Appearance
How It Works
This page gives a plain-English overview of the technology behind VoiceOtaku. We won't go into implementation details, but you'll get a clear picture of the pipeline that turns your voice into a personalised anime recommendation.
The Pipeline
When you speak during a call, your voice goes through a four-step process:
Your voice → Transcription → AI thinking → Voice synthesis → Your ears1. Voice Capture
Your browser records audio from your microphone in short chunks while you're speaking. The recording runs locally in your browser — audio is sent to the server only when you finish speaking a segment.

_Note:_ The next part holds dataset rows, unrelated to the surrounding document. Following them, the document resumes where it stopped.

Lemma admissible_arc i j b :
  admissible i j b && ~~ admissible i j (~~ b) = (((j, i), b) \in N).
Proof.
rewrite /admissible; case: b; rewrite /= negbK; apply/andP/idP => [[] // | ji];
  split=> //; apply/negP => ji'; by have := simple_arcs_sign (proj1 f_and) ji ji'.
Qed.

Lemma admissible_pos i v : admissible i v (((v, i), true) \in N).
Proof.
rewrite /admissible; case: ifP => [pos | ->] //; apply/negP => neg.
by have := simple_arcs_sign (proj1 f_and) pos neg.
Qed.

Lemma and_net_flip x j b i : f (flip x j b) i =
  admissible i j b && [forall v, (v != j) ==> admissible i v (x v)].
Proof.
rewrite and_netE; apply/forallP/andP => [H | [Hj /forallP H] v].
  split; first by have := H j; rewrite ffunE eqxx.
  by apply/forallP => v; apply/implyP => vj; have := H v; rewrite ffunE (negbTE vj).
by rewrite ffunE; case: eqP => [-> // | /eqP vj]; exact: implyP (H v) vj.
Qed.

Section Subnetwork.
Variables (I : {set V}) (z : config V).
Let h := subnetwork f I z.

Definition unblocked i := [forall v, (v \notin I) ==> admissible i v (z v)].

Lemma unblockedE (j : subT I) i :
  [exists y : config (subT I),
     [forall v, (v != val j) ==> admissible i v (extend y z v)]] =
  unblocked i.
Proof.
apply/existsP/forallP => [[y /forallP H] v | H].
  apply/implyP => vI; move: (H v).
  case: eqP vI => [-> | _ vI]; first by rewrite (valP j).
  by rewrite extend_notin.
exists [ffun k : subT I => ((val k, i), true) \in N].
apply/forallP => v; apply/implyP => _.
rewrite ffunE; case: insubP => [k _ <- | vI]; first by rewrite ffunE admissible_pos.
exact: implyP (H v) vI.
Qed.

Lemma igraph_subnetwork j i b :
  (((j, i), b) \in igraph h) = (((val j, val i), b) \in N) && unblocked (val i).
Proof.
have hE y c : h (flip y j c) i = f (flip (extend y z) (val j) c) (val i).
  by rewrite ffunE extend_flip.
rewrite igraphE -(unblockedE j); apply/existsP/andP => [[y] | [ji /existsP [y Hy]]].
  rewrite !hE !and_net_flip => /andP[/andP[Hb Hy] /nandP[Hnb | /negP //]].
  by rewrite -admissible_arc Hb Hnb; split=> //; apply/existsP; exists y.
exists y; rewrite !hE !and_net_flip Hy !andbT.
by move: ji; rewrite -admissible_arc.
Qed.

Lemma arcs_in_subnetwork : {in I, forall i, unblocked i} ->
  arcs_in (igraph h) = induced N I.
Proof.
move=> unb; apply/setP => [[[j i] b]]; rewrite inE /=.
apply/idP/idP => [ji | /andP[ji /andP[jI iI]]].
  have [j' [i' [Ej Ei]]] := arcs_in_val ji; subst j i.
  move: ji; rewrite arcs_inE igraph_subnetwork => /andP[-> _] /=.
  by apply/andP; split; exact: valP.
have := arcs_inE (igraph h) (Sub j jI) (Sub i iI) b.
by rewrite !SubK igraph_subnetwork /= ji unb.
Qed.

Lemma circular_unblocked : circular h -> {in I, forall i, unblocked i}.
Proof.
case=> _ /directed_cycle_in in_arc i iI; have [j [b]] := in_arc (Sub i iI).
by rewrite igraph_subnetwork SubK => /andP[].
Qed.

Lemma unblocked_no_delocalizing : {in I, forall i, unblocked i} ->
  directed_cycle I (induced N I) -> ~ exists v, delocalizing N I v.
Proof.
move=> unb cycI [v [u [w [uI wI uw vu vw]]]]; case: (boolP (v \in I)) => vI.
  apply/(negP uw)/eqP/(directed_cycle_out cycI (v := v) (b := true) (c := false));
  by rewrite inE /= ?vu ?vw vI ?uI ?wI.
have := implyP (forallP (unb u uI) v) vI; have := implyP (forallP (unb w wI) v) vI.
by rewrite /admissible; case: (z v); rewrite ?vu ?vw.
Qed.

End Subnetwork.

Definition sign_into (I : {set V}) : config V :=
  [ffun v => [exists u in I, ((v, u), true) \in N]].

Lemma sign_into_unblocked I : ~ (exists v, delocalizing N I v) ->
  {in I, forall i, unblocked I (sign_into I) i}.
Proof.
move=> nodeloc i iI; apply/forallP => v; apply/implyP => _.
rewrite /admissible ffunE; case: existsP => [[u /andP[uI vu]] | nopos].
  apply/negP => vi; case: (eqVneq u i) => [eui | ui].
    by subst u; have := simple_arcs_sign (proj1 f_and) vu vi.
  by apply: nodeloc; exists v, u, i.
by apply/negP => vi; apply: nopos; exists i; rewrite iI.
Qed.

End AndNet.

Theorem proposition9 (V : finType) (f : network V)
    (CI : {set V}) (CA : {set V * V * bool}) :
  0 < #|V| -> and_net f -> sdigraph_wf CI CA ->
  (exists z : config V,
      [/\ CI != set0, circular (subnetwork f CI z)
        & CA = arcs_in (igraph (subnetwork f CI z))])
  <->
  [/\ cycle_of (igraph f) CI CA, no_chord (igraph f) CI CA
    & ~ (exists v : V, delocalizing (igraph f) CI v)].
Proof.
move=> _ f_and wfCA; split=> [[z [_ circ ->]] | [[CAf cycCA] chordless nodeloc]].
  have unb := circular_unblocked f_and circ.
  rewrite (arcs_in_subnetwork f_and unb).
  have cycI : is_cycle CI (induced (igraph f) CI).
    by rewrite -(arcs_in_subnetwork f_and unb); apply/is_cycle_arcs_in.
  split; [by split; first exact: induced_sub | exact: induced_no_chord | ].
  exact: unblocked_no_delocalizing unb (proj2 cycI).
have unb := sign_into_unblocked f_and nodeloc.
have CAE := chordless_induced (proj1 f_and) wfCA CAf chordless.
exists (sign_into f CI); rewrite (arcs_in_subnetwork f_and unb) -CAE.
split=> //; first exact: directed_cycle_neq0 (proj2 cycCA).
by apply/is_cycle_arcs_in; rewrite (arcs_in_subnetwork f_and unb) -CAE.
Qed.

2. Speech-to-Text (Transcription)
The recorded audio is transcribed into text by a speech recognition model. This is the text you see appearing on screen as you speak.
3. AI Recommendation
The transcribed text is passed to a large language model (LLM) that acts as a knowledgeable anime advisor. It reads your full conversation history for context and generates a thoughtful, relevant recommendation.
The AI is designed to:
- Draw on a wide knowledge of anime titles, genres, studios, and themes
- Understand nuanced preferences ("something melancholy but hopeful")
- Ask clarifying questions when your request is ambiguous
- Remember what you said earlier in the same call
4. Text-to-Speech (Voice Synthesis)
The AI's text response is converted back into a natural-sounding voice. This audio is streamed back to your browser and played automatically. You'll hear the recommendation as you read it on screen.
The Queue
VoiceOtaku processes one call at a time. All queuing happens server-side using a fast in-memory store. Your place in the queue is tracked by a temporary session token that lives only for the duration of your visit. See The Queue System for user-facing details.
Privacy
- No accounts required. VoiceOtaku does not require you to log in or register.
- No persistent storage of conversations. Your transcript is not saved after the call ends.
- Temporary session tokens. Any tokens used to manage your queue position expire automatically.
- Microphone access is limited. Your browser only grants microphone access while you are actively on a call.